Sri Lankan President Mahinda Rajapaksa on Tuesday said the U.N. team investigating Sri Lanka’s rights record will not be permitted to come into the country.
“We are not accepting it [the probe]. We are against it. They have no mandate to do it,” he said, referring to the international inquiry mandated by the U.N. Human Rights Council, adding that Sri Lanka did not recognise their jurisdiction. The Sri Lankan government would however continue to engage with the U.N. system, and has not “walked out of it”.
Following the adoption of the U.S.-backed resolution by the U.N. Human Rights Council in March, calling for an international probe into alleged war crimes in Sri Lanka, the government rejected the move and said it would offer no cooperation in this regard.

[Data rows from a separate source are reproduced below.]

(* The last hypothesis makes the expectations finite unless the term vanishes. *)
Lemma expectation_UV_term (c A : R) (s : nat) (e : 'I_n -> nat) :
  0 <= c -> 0 <= A -> ((0 < s)%N -> c != 0 -> 0 < A) ->
  (\int[P]_t (UV_term c A s e t)%:E =
   c%:E * 'E_P[fun t => (U t ^+ s * expR (- A * U t))%R] *
   \prod_(k < n) 'E_P[fun t => (V k t ^+ e k * expR (- V k t))%R])%E.
Proof.
move=> c0 A0 A_gt0; have [->|c_neq0] := eqVneq c 0.
  by under eq_integral do rewrite /UV_term !mul0r; rewrite integral0 !mul0e.
have gU t : powexp A s (U t) = U t ^+ s * expR (- A * U t).
  by rewrite /powexp ger0_norm.
have hV k t : powexp 1 (e k) (V k t) = V k t ^+ e k * expR (- V k t).
  by rewrite /powexp mulN1r ger0_norm.
have U_fin := integral_powexp_fin_num P mU A0 (fun s_gt0 => A_gt0 s_gt0 c_neq0).
have V_fin k := integral_powexp_fin_num P (mV k) ler01 (fun=> @ltr01 R) (s := e k).
under eq_integral do rewrite /UV_term -mulrA EFinM -gU.
under eq_integral do under eq_bigr do rewrite -hV.
rewrite ge0_integralZl //; last 2 first.
- apply/measurable_EFinP; apply: measurable_funM.
    exact: measurableT_comp (measurable_powexp _ _) mU.
  by apply: measurable_prod => k _; exact: measurableT_comp (measurable_powexp _ _) (mV k).
- by move=> t _; rewrite lee_fin mulr_ge0 ?prodr_ge0 // => *; exact: powexp_ge0.
rewrite -muleA expectation.unlock (independent_integral_UV (measurable_powexp _ _)
  (powexp_ge0 _ _) U_fin (fun k => measurable_powexp _ _) (fun k => powexp_ge0 _ _) V_fin).
congr (_ * (_ * _))%E; first by apply: eq_integral => t _; rewrite gU.
by apply: eq_bigr => k _; apply: eq_integral => t _; rewrite hV.
Qed.

End independent_UV.

Lemma sum_gt0_of_prod_binom_exprn_neq0 {R : numDomainType} (n : nat) (alpha : 'I_n -> R)
    (x j : 'I_n -> nat) :
  (forall i, 0 <= alpha i) -> (0 < \sum_i j i)%N ->
  \prod_i ('C(x i, j i)%:R * alpha i ^+ j i) != 0 -> 0 < \sum_i alpha i.
Proof.
move=> alpha0; rewrite lt0n sum_nat_eq0 negb_forall => /existsP[i /= ji].
move=> /prodf_neq0 /(_ i isT); rewrite mulf_eq0 negb_or expf_eq0 lt0n ji /= => /andP[_ ai].
rewrite (bigD1 i) //= ltr_pwDl ?sumr_ge0 // lt_def ai.
exact: alpha0.
Qed.

Theorem proposition4 (d : measure_display) (T : measurableType d) (R : realType)
  (P : probability T R) (n : nat) (alpha : 'I_n -> R)
  (U : T -> R) (V : 'I_n -> T -> R) (fU : R -> R) (fV : 'I_n -> R -> R)
  (X : 'I_n -> T -> nat) :
  (forall i, 0 <= alpha i) ->
  measurable_fun setT U -> (forall i, measurable_fun setT (V i)) ->
  (forall t, 0 <= U t) -> (forall i t, 0 <= V i t) ->
  mutually_independent P (UV U V) ->
  has_density P U fU -> (forall i, has_density P (V i) (fV i)) ->
  (forall i, measurable_fun setT (X i)) ->
  cond_indep_poisson P (generated_events (UV U V))
    (fun i t => alpha i * U t + V i t) X ->
  forall x : 'I_n -> nat,
    P [set t | forall i, X i t = x i] =
    (((\prod_(i < n) ((x i)`!)%:R)^-1)%:E *
     \sum_(j : {ffun 'I_n -> 'I_(\max_(i < n) x i).+1} | [forall i, (j i <= x i)%N])
       ((\prod_(i < n) ('C(x i, j i)%:R * alpha i ^+ j i))%:E *
        'E_P[fun t => (U t ^+ (\sum_(i < n) (j i : nat))%N * expR (- (\sum_(i < n) alpha i) * U t))%R] *
        \prod_(k < n) 'E_P[fun t => (V k t ^+ (x k - j k) * expR (- V k t))%R]))%E.
Proof.
move=> alpha0 mU mV U0 V0 indUV _ _ _ condX x.
have UV_setT : generated_events (UV U V) setT.
  by apply: sub_sigma_algebra; exists ord0, setT.
rewrite -[X in P X]setTI condX //=.
under eq_integral do rewrite prod_pois_affine_binomial.
have coef_ge0 j : 0 <= \prod_(i < n) ('C(x i, j i)%:R * alpha i ^+ j i).
  by apply: prodr_ge0 => i _; rewrite mulr_ge0 ?exprn_ge0.
rewrite ge0_integralZl_sum ?invr_ge0 ?prodr_ge0 //; last 2 first.
- by move=> j; apply: measurable_UV_term.
- by move=> j t; apply: UV_term_ge0.
congr (_ * _)%E; apply: eq_bigr => j _.
apply: expectation_UV_term => //; first exact: sumr_ge0.
exact: sum_gt0_of_prod_binom_exprn_neq0.
Qed.
(* Let $X$ be a finite, simple, connected $3$-valent plane graph such that the number of edges surrounding each face is divisible by $3$. Then there exists an edge numbering $\nu\colon E(X)\to\{1,2,3\}$ such that, at every vertex $p\in V(X)$, the three edges having $p$ as an endpoint receive the numbers $1,2,3$ in this cyclic order with respect to the positive (counterclockwise) orientation around $p$. *)

(* Plane graphs are encoded as combinatorial maps
   (rotation systems) of genus 0, the standard combinatorial model of
   a connected graph embedded in the oriented plane/sphere. *)
From mathcomp Require Import all_boot.
Set Implicit Arguments. Unset Strict Implicit. Unset Printing Implicit Defensive.

(* A combinatorial map on a finite set of darts (half-edges) T:
   - edge  : the fixed-point-free involution pairing the two darts of an edge;
   - node  : the permutation sending a dart to the next dart around the same
             vertex in the positive (counterclockwise) orientation.
   Vertices = node-orbits, edges = edge-orbits, faces = face-orbits where
   face := node \o edge (the face permutation). *)
Record cmap := CMap {
  dart :> finType;
  edge : dart -> dart;
  node : dart -> dart;
  edgeK : involutive edge;
  edge_nofix : forall x, edge x != x;
  node_inj : injective node
}.

Definition face (G : cmap) (x : G) : G := node (edge x).

Definition n_vertices (G : cmap) : nat := fcard (@node G) G.
Definition n_edges (G : cmap) : nat := fcard (@edge G) G.
Definition n_faces (G : cmap) : nat := fcard (@face G) G.

Definition cmap_connected (G : cmap) : Prop :=
  forall x y : G, connect (fun a b : G => (b == node a) || (b == edge a)) x y.

(* plane (genus 0) embedding: Euler's formula V - E + F = 2 *)
Definition cmap_planar (G : cmap) : Prop :=
  (n_vertices G + n_faces G = n_edges G + 2)%N.

Definition cmap_cubic (G : cmap) : Prop :=
  forall x : G, order (@node G) x = 3.

(* simple: no loops and no multiple edges *)
Definition cmap_simple (G : cmap) : Prop :=
  (forall x : G, ~~ fconnect (@node G) x (edge x)) /\
  (forall x y : G, fconnect (@node G) x y ->
     fconnect (@node G) (edge x) (edge y) -> x = y).

Definition face_degree (G : cmap) (x : G) : nat := order (@face G) x.

(* an edge numbering E(X) -> {1,2,3}, represented on darts and constant on
   the two darts of each edge *)
Definition edge_numbering (G : cmap) (nu : G -> nat) : Prop :=
  (forall x : G, nu x \in [:: 1; 2; 3]) /\
  (forall x : G, nu (edge x) = nu x).

(* around every vertex, the numbers 1,2,3 appear in this cyclic order in the
   counterclockwise direction: the next edge ccw after one numbered k is
   numbered k+1 (mod 3, in {1,2,3}) *)
Definition ccw_123 (G : cmap) (nu : G -> nat) : Prop :=
  forall x : G, nu (node x) = (nu x %% 3).+1.

From mathcomp Require Import all_boot all_algebra zify.
Set Implicit Arguments. Unset Strict Implicit. Unset Printing Implicit Defensive.
Import GRing.Theory.
Local Open Scope ring_scope.

(* Work over a field K of characteristic 3 and look for c : darts -> K,
   constant on edges, with c (node x) = c x + 1; reading c + 1 in {1, 2, 3}
   gives the numbering.  So the constant row 1 must lie in the image of the
   coboundary d : c |-> c \o node - c on edge functions.  The image of d is
   orthogonal to the vertex indicators and to the functions x |-> [edge x in f]
   for the faces f, and so is 1, as vertex and face degrees are divisible by 3.
   By connectivity both d and this family of V + F vectors have left kernels
   of dimension <= 1, so rank d >= E - 1 and the family spans a space of
   dimension >= V + F - 1 = E + 1 (Euler).  Since there are 2E darts, its
   orthogonal complement has dimension <= E - 1, hence is the image of d. *)

Section DartRows.
Variables (K : pzRingType) (D : finType).
Local Notation n := #|D|.

Definition rval (c : 'rV[K]_n) (x : D) : K := c 0 (enum_rank x).

Lemma rvalP (c d : 'rV[K]_n) : rval c =1 rval d -> c = d.
Proof. by move=> cd; apply/rowP => j; rewrite -(enum_valK j); apply: cd. Qed.

Lemma rvalD (c d : 'rV[K]_n) x : rval (c + d) x = rval c x + rval d x.
Proof. by rewrite /rval mxE. Qed.

Lemma rvalB (c d : 'rV[K]_n) x : rval (c - d) x = rval c x - rval d x.
Proof. by rewrite /rval !mxE. Qed.

Lemma sum_mulr_eq m (F : 'I_m -> K) (k : 'I_m) :
  \sum_i F i * (i == k)%:R = F k.
Proof.
rewrite (bigD1 k) //= eqxx mulr1 big1 ?addr0 // => i /negbTE->.
by rewrite mulr0.
Qed.

Lemma mulmx_trE m p (M : 'M[K]_(m, n)) (N : 'M[K]_(p, n)) i j :
  (M *m N^T) i j = \sum_x rval (row i M) x * rval (row j N) x.
Proof.
rewrite mxE (reindex (@enum_rank D)) /=; last exact/onW_bij/enum_rank_bij.
by apply: eq_bigr => x _; rewrite /rval !mxE.
Qed.

Definition fun_mx (f : D -> D) : 'M[K]_n :=
  \matrix_(i, j) (enum_val i == f (enum_val j))%:R.

Lemma rval_mul_fun_mx (c : 'rV[K]_n) f x :
  rval (c *m fun_mx f) x = rval c (f x).
Proof.
rewrite /rval mxE -[RHS](sum_mulr_eq (c 0)); apply: eq_bigr => i _.
rewrite mxE enum_rankK; congr (_ * _%:R).
by rewrite -(inj_eq enum_rank_inj) enum_valK.
Qed.

End DartRows.

Section OrbitMatrix.
Variables (K : pzRingType) (D : finType) (p : D -> D).
Hypothesis p_inj : injective p.

Lemma froot_f x : froot p (p x) = froot p x.
Proof.
apply/eqP; rewrite (root_connect (fconnect_sym p_inj)).
by rewrite (fconnect_sym p_inj) fconnect1.
Qed.

Lemma froot_froots x : x \in froots p -> froot p x = x.
Proof. by move/eqP. Qed.

Lemma froot_eq_froots x y :
  y \in froots p -> (froot p x == y) = fconnect p y x.
Proof.
move/froot_froots=> {1}<-.
by rewrite (root_connect (fconnect_sym p_inj)) (fconnect_sym p_inj).
Qed.

Lemma card_froots : #|froots p| = fcard p D.
Proof. by apply: eq_card => x; rewrite !inE andbT. Qed.

Definition orbit_mx : 'M[K]_(#|froots p|, #|D|) :=
  \matrix_(i, j) (froot p (enum_val j) == enum_val i)%:R.

Lemma rval_row_orbit_mx i x :
  rval (row i orbit_mx) x = (fconnect p (enum_val i) x)%:R.
Proof. by rewrite /rval !mxE enum_rankK froot_eq_froots ?enum_valP. Qed.

Lemma rval_row_orbit_mx_f i x :
  rval (row i orbit_mx) (p x) = rval (row i orbit_mx) x.
Proof. by rewrite /rval !mxE !enum_rankK froot_f. Qed.

Lemma rval_mul_orbit_mx_f w x :
  rval (w *m orbit_mx) (p x) = rval (w *m orbit_mx) x.
Proof.
rewrite /rval !mxE; apply: eq_bigr => i _.
by rewrite !mxE !enum_rankK froot_f.
Qed.

Lemma sum_row_orbit_mx i :
  \sum_x rval (row i orbit_mx) x = (order p (enum_val i))%:R.
Proof.
under eq_bigr do rewrite rval_row_orbit_mx.
rewrite -natr_sum /order -sum1_card; congr _%:R.
by rewrite [RHS]big_mkcond; apply: eq_bigr => x _; rewrite unfold_in.
Qed.

End OrbitMatrix.

Lemma orbit_mx_free (K : fieldType) (D : finType) (p : D -> D) :
  row_free (orbit_mx K p).
Proof.
apply: inj_row_free => v v0; apply/rowP => i; rewrite [RHS]mxE.
have := congr1 (fun w => rval w (enum_val i)) v0; rewrite /rval !mxE => <-.
rewrite -[LHS](sum_mulr_eq (v 0)); apply: eq_bigr => k _.
rewrite mxE enum_rankK froot_froots ?enum_valP //.
by rewrite (inj_eq enum_val_inj) eq_sym.
Qed.

Lemma const_row_scale (K : pzRingType) n (g : 'rV[K]_n) :
  (forall j k, g 0 j = g 0 k) -> exists a, g = a *: const_mx 1.
Proof.
case: n g => [|n] g g_const; last exists (g 0 0).
  by exists 0; apply/rowP => -[].
by apply/rowP => j; rewrite !mxE mulr1 (g_const j 0).
Qed.

Lemma rank_kermx_le1 (K : fieldType) m n p (A : 'M[K]_(m, n))
    (B : 'M_(m, p)) (r : 'rV_p) :
  row_free B -> (forall v : 'rV_m, v *m A = 0 -> exists a, v *m B = a *: r) ->
  (\rank (kermx A) <= 1)%N.
Proof.
move=> B_free ker_line; rewrite -(mxrankMfree _ B_free).
apply: leq_trans (rank_leq_row r); apply: mxrankS.
apply/row_subP => i; rewrite row_mul.
have ker_i : row i (kermx A) *m A = 0 by rewrite -row_mul mulmx_ker row0.
by have [a ->] := ker_line _ ker_i; rewrite scalemx_sub.
Qed.

Lemma cmap_connected_const (G : cmap) (T : Type) (g : G -> T) :
  cmap_connected G -> (forall x, g (node x) = g x) ->
  (forall x, g (edge x) = g x) -> forall x y, g x = g y.
Proof.
move=> G_conn g_node g_edge x y; have /connectP[q xq ->] := G_conn x y.
elim: q x xq => //= z q IHq x /andP[/orP[]/eqP-> /IHq <-].
  by rewrite g_node.
by rewrite g_edge.
Qed.

Lemma edge_inj (G : cmap) : injective (@edge G).
Proof. exact: can_inj (@edgeK G). Qed.

Lemma face_inj (G : cmap) : injective (@face G).
Proof. by move=> x y /node_inj /edge_inj. Qed.

Lemma order_edge (G : cmap) (x : G) : order (@edge G) x = 2%N.
Proof.
have edge_cycle : fcycle (@edge G) [:: x; edge x] by rewrite /= edgeK !eqxx.
have edge_uniq : uniq [:: x; edge x] by rewrite /= inE eq_sym edge_nofix.
exact: (order_cycle edge_cycle edge_uniq (mem_head _ _)).
Qed.

Lemma card_darts (G : cmap) : #|G| = (n_edges G * 2)%N.
Proof.
rewrite /n_edges (fcard_order_set (@edge_inj G)) //.
by apply/subsetP => x _; rewrite inE order_edge.
Qed.

Section CubicPlaneMap.
Variables (K : fieldType) (X : cmap).
Local Notation node := (@node X).
Local Notation edge := (@edge X).
Local Notation face := (@face X).
Hypotheses (X_connected : cmap_connected X) (X_planar : cmap_planar X).
Hypothesis X_cubic : cmap_cubic X.
Hypothesis X_faces : forall x : X, (3 %| face_degree x)%N.
Hypothesis char3 : 3 \in [pchar K].

Lemma node_face_edge_invariant (V : zmodType) (g h : X -> V) :
  (forall x, g (node x) = g x) -> (forall x, h (face x) = h x) ->
  (forall x, g x + h (edge x) = 0) -> forall x, g (edge x) = g x.
Proof.
move=> g_node h_face gh0 y.
have g_opp x : g x = - h (edge x) by apply/eqP; rewrite -addr_eq0 gh0.
have node_face u : node u = face (edge u) by rewrite /face edgeK.
rewrite -(f_finv (@node_inj X) y) g_node g_opp edgeK node_face h_face.
by rewrite -g_opp.
Qed.

Lemma sum_node_diff_vertex (e v : X -> K) :
  (forall x, v (node x) = v x) -> \sum_x (e (node x) - e x) * v x = 0.
Proof.
move=> v_node.
rewrite (eq_bigr (fun x => e (node x) * v (node x) - e x * v x)) => [|x _].
  by rewrite sumrB [S in _ - S](reindex_inj (@node_inj X)) subrr.
by rewrite mulrBl v_node.
Qed.

Lemma sum_node_diff_face (e f : X -> K) :
  (forall x, e (edge x) = e x) -> (forall x, f (face x) = f x) ->
  \sum_x (e (node x) - e x) * f (edge x) = 0.
Proof.
move=> e_edge f_face; under eq_bigr do rewrite mulrBl; rewrite sumrB.
have -> : \sum_x e (node x) * f (edge x) = \sum_x e x * f x.
  rewrite (reindex_inj (@edge_inj X)) [RHS](reindex_inj (@face_inj X)).
  by apply: eq_bigr => x _; rewrite edgeK f_face.
have -> : \sum_x e x * f (edge x) = \sum_x e x * f x.
  rewrite (reindex_inj (@edge_inj X)).
  by apply: eq_bigr => x _; rewrite edgeK e_edge.
by rewrite subrr.
Qed.

Definition edge_coboundary_mx : 'M[K]_(#|froots edge|, #|X|) :=
  orbit_mx K edge *m (fun_mx K node - 1%:M).

Definition vertex_face_mx : 'M[K]_(#|froots node| + #|froots face|, #|X|) :=
  col_mx (orbit_mx K node) (orbit_mx K face *m fun_mx K edge).

Lemma rval_mul_node_diff (c : 'rV[K]_#|X|) x :
  rval (c *m (fun_mx K node - 1%:M)) x = rval c (node x) - rval c x.
Proof. by rewrite mulmxBr mulmx1 rvalB rval_mul_fun_mx. Qed.

Lemma edge_coboundary_vertex_face_orth :
  edge_coboundary_mx *m vertex_face_mx^T = 0.
Proof.
rewrite tr_col_mx mul_mx_row -row_mx0.
congr row_mx; apply/matrixP => i j; rewrite mulmx_trE mxE row_mul.
  under eq_bigr do rewrite rval_mul_node_diff.
  exact/sum_node_diff_vertex/rval_row_orbit_mx_f/node_inj.
under eq_bigr do rewrite rval_mul_node_diff row_mul rval_mul_fun_mx.
apply: sum_node_diff_face; apply: rval_row_orbit_mx_f.
  exact: edge_inj.
exact: face_inj.
Qed.

Lemma const_vertex_face_orth :
  (const_mx 1 : 'rV[K]_#|X|) *m vertex_face_mx^T = 0.
Proof.
rewrite tr_col_mx mul_mx_row -row_mx0.
congr row_mx; apply/matrixP => i j; rewrite mulmx_trE mxE.
  under eq_bigr do rewrite {1}/rval !mxE mul1r.
  rewrite (sum_row_orbit_mx _ (@node_inj X)).
  by apply/eqP; rewrite -(dvdn_pcharf char3) X_cubic.
under eq_bigr do rewrite {1}/rval !mxE mul1r row_mul rval_mul_fun_mx.
rewrite (reindex_inj (@edge_inj X)); under eq_bigr do rewrite edgeK.
rewrite (sum_row_orbit_mx _ (@face_inj X)); apply/eqP.
by rewrite -(dvdn_pcharf char3) X_faces.
Qed.

Lemma node_edge_invariant_row_const (c : 'rV[K]_#|X|) :
  (forall x, rval c (node x) = rval c x) ->
  (forall x, rval c (edge x) = rval c x) -> exists a, c = a *: const_mx 1.
Proof.
move=> c_node c_edge; apply: const_row_scale => j k.
rewrite -(enum_valK j) -(enum_valK k).
exact: (cmap_connected_const X_connected c_node c_edge (enum_val j)).
Qed.

Lemma rank_kermx_edge_coboundary :
  (\rank (kermx edge_coboundary_mx) <= 1)%N.
Proof.
apply: (rank_kermx_le1 (r := const_mx 1) (orbit_mx_free K edge)) => v.
rewrite mulmxA => v0; apply: node_edge_invariant_row_const => x.
  by apply/eqP; rewrite -subr_eq0 -rval_mul_node_diff v0 /rval mxE.
exact: rval_mul_orbit_mx_f (@edge_inj X) _ _.
Qed.

Lemma rank_kermx_vertex_face : (\rank (kermx vertex_face_mx) <= 1)%N.
Proof.
have B_free : row_free (block_mx (orbit_mx K node) 0 0 (orbit_mx K face)).
  by rewrite /row_free rank_diag_block_mx !(eqP (orbit_mx_free _ _)).
apply: (rank_kermx_le1 (r := row_mx (const_mx 1) (const_mx (-1))) B_free).
move=> v; rewrite -(hsubmxK v) mul_row_col mul_row_block.
rewrite !mulmx0 addr0 add0r mulmxA.
set g := lsubmx v *m _; set h := rsubmx v *m _ => gh0.
have g_node x : rval g (node x) = rval g x.
  exact: rval_mul_orbit_mx_f (@node_inj X) _ _.
have h_face x : rval h (face x) = rval h x.
  exact: rval_mul_orbit_mx_f (@face_inj X) _ _.
have gh x : rval g x + rval h (edge x) = 0.
  by rewrite -rval_mul_fun_mx -rvalD gh0 /rval mxE.
have g_edge := node_face_edge_invariant g_node h_face gh.
have [a g_a] := node_edge_invariant_row_const g_node g_edge.
exists a; rewrite scale_row_mx -g_a; congr row_mx; apply: rvalP => x.
have := gh (edge x); rewrite edgeK g_a /rval !mxE mulr1 mulrN1 => /eqP.
by rewrite addrC addr_eq0 => /eqP.
Qed.

Lemma const_sub_edge_coboundary :
  ((const_mx 1 : 'rV[K]_#|X|) <= edge_coboundary_mx)%MS.
Proof.
have rank_A := rank_kermx_edge_coboundary.
have rank_Y := rank_kermx_vertex_face.
rewrite !mxrank_ker in rank_A rank_Y.
have darts := card_darts X; have euler : cmap_planar X := X_planar.
rewrite /cmap_planar /n_vertices /n_faces /n_edges -!card_froots in darts euler.
have A_sub : (edge_coboundary_mx <= kermx vertex_face_mx^T)%MS.
  by rewrite sub_kermx edge_coboundary_vertex_face_orth.
have ker_sub : (kermx vertex_face_mx^T <= edge_coboundary_mx)%MS.
  rewrite -(mxrank_leqif_sup A_sub).2 eqn_leq mxrankS //=.
  rewrite mxrank_ker mxrank_tr.
  move: (\rank _) (\rank _) rank_A rank_Y => rA rY; rewrite darts; lia.
by apply: submx_trans ker_sub; rewrite sub_kermx const_vertex_face_orth.
Qed.

Lemma cubic_plane_map_potential : exists c : X -> K,
  (forall x, c (edge x) = c x) /\ (forall x, c (node x) = c x + 1).
Proof.
have /submxP[w w_def] := const_sub_edge_coboundary.
exists (rval (w *m orbit_mx K edge)); split => x.
  exact: rval_mul_orbit_mx_f (@edge_inj X) _ _.
have := congr1 (fun c => rval c x) w_def.
rewrite mulmxA rval_mul_node_diff /rval mxE => /eqP.
by rewrite eq_sym subr_eq addrC => /eqP.
Qed.

End CubicPlaneMap.

Local Close Scope ring_scope.

Theorem proposition2p9 (X : cmap) :
  cmap_connected X -> cmap_planar X -> cmap_simple X -> cmap_cubic X ->
  (forall x : X, 3 %| face_degree x) ->
  exists nu : X -> nat, edge_numbering nu /\ ccw_123 nu.
Proof.
move=> X_conn X_planar _ X_cubic X_faces.
have [c [c_edge c_node]] := cubic_plane_map_potential (K := 'F_3)
  X_conn X_planar X_cubic X_faces (@pchar_Fp 3 isT).
exists (fun x => (val (c x)).+1); split; [split|] => x.
- by case: (c x) => [[|[|[|]]] ?].
- by rewrite c_edge.
- by rewrite c_node; case: (c x) => [[|[|[|]]] ?].
Qed.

On outgoing U.N. rights chief Navi Pillay’s recent remarks that the United Nations could conduct an effective investigation into reports of war crimes in Sri Lanka without visiting the country, Mr. Rajapaksa said: “You can see how biased she is.”
The Tamil National Alliance, which holds power in the island’s Tamil-majority Northern Province, had recently said those who wished to testify before the international panel could do so through the TNA. Asked to respond, Mr. Rajapaksa said: “They [TNA] can go and come. They were the proxies for the LTTE, they will know.”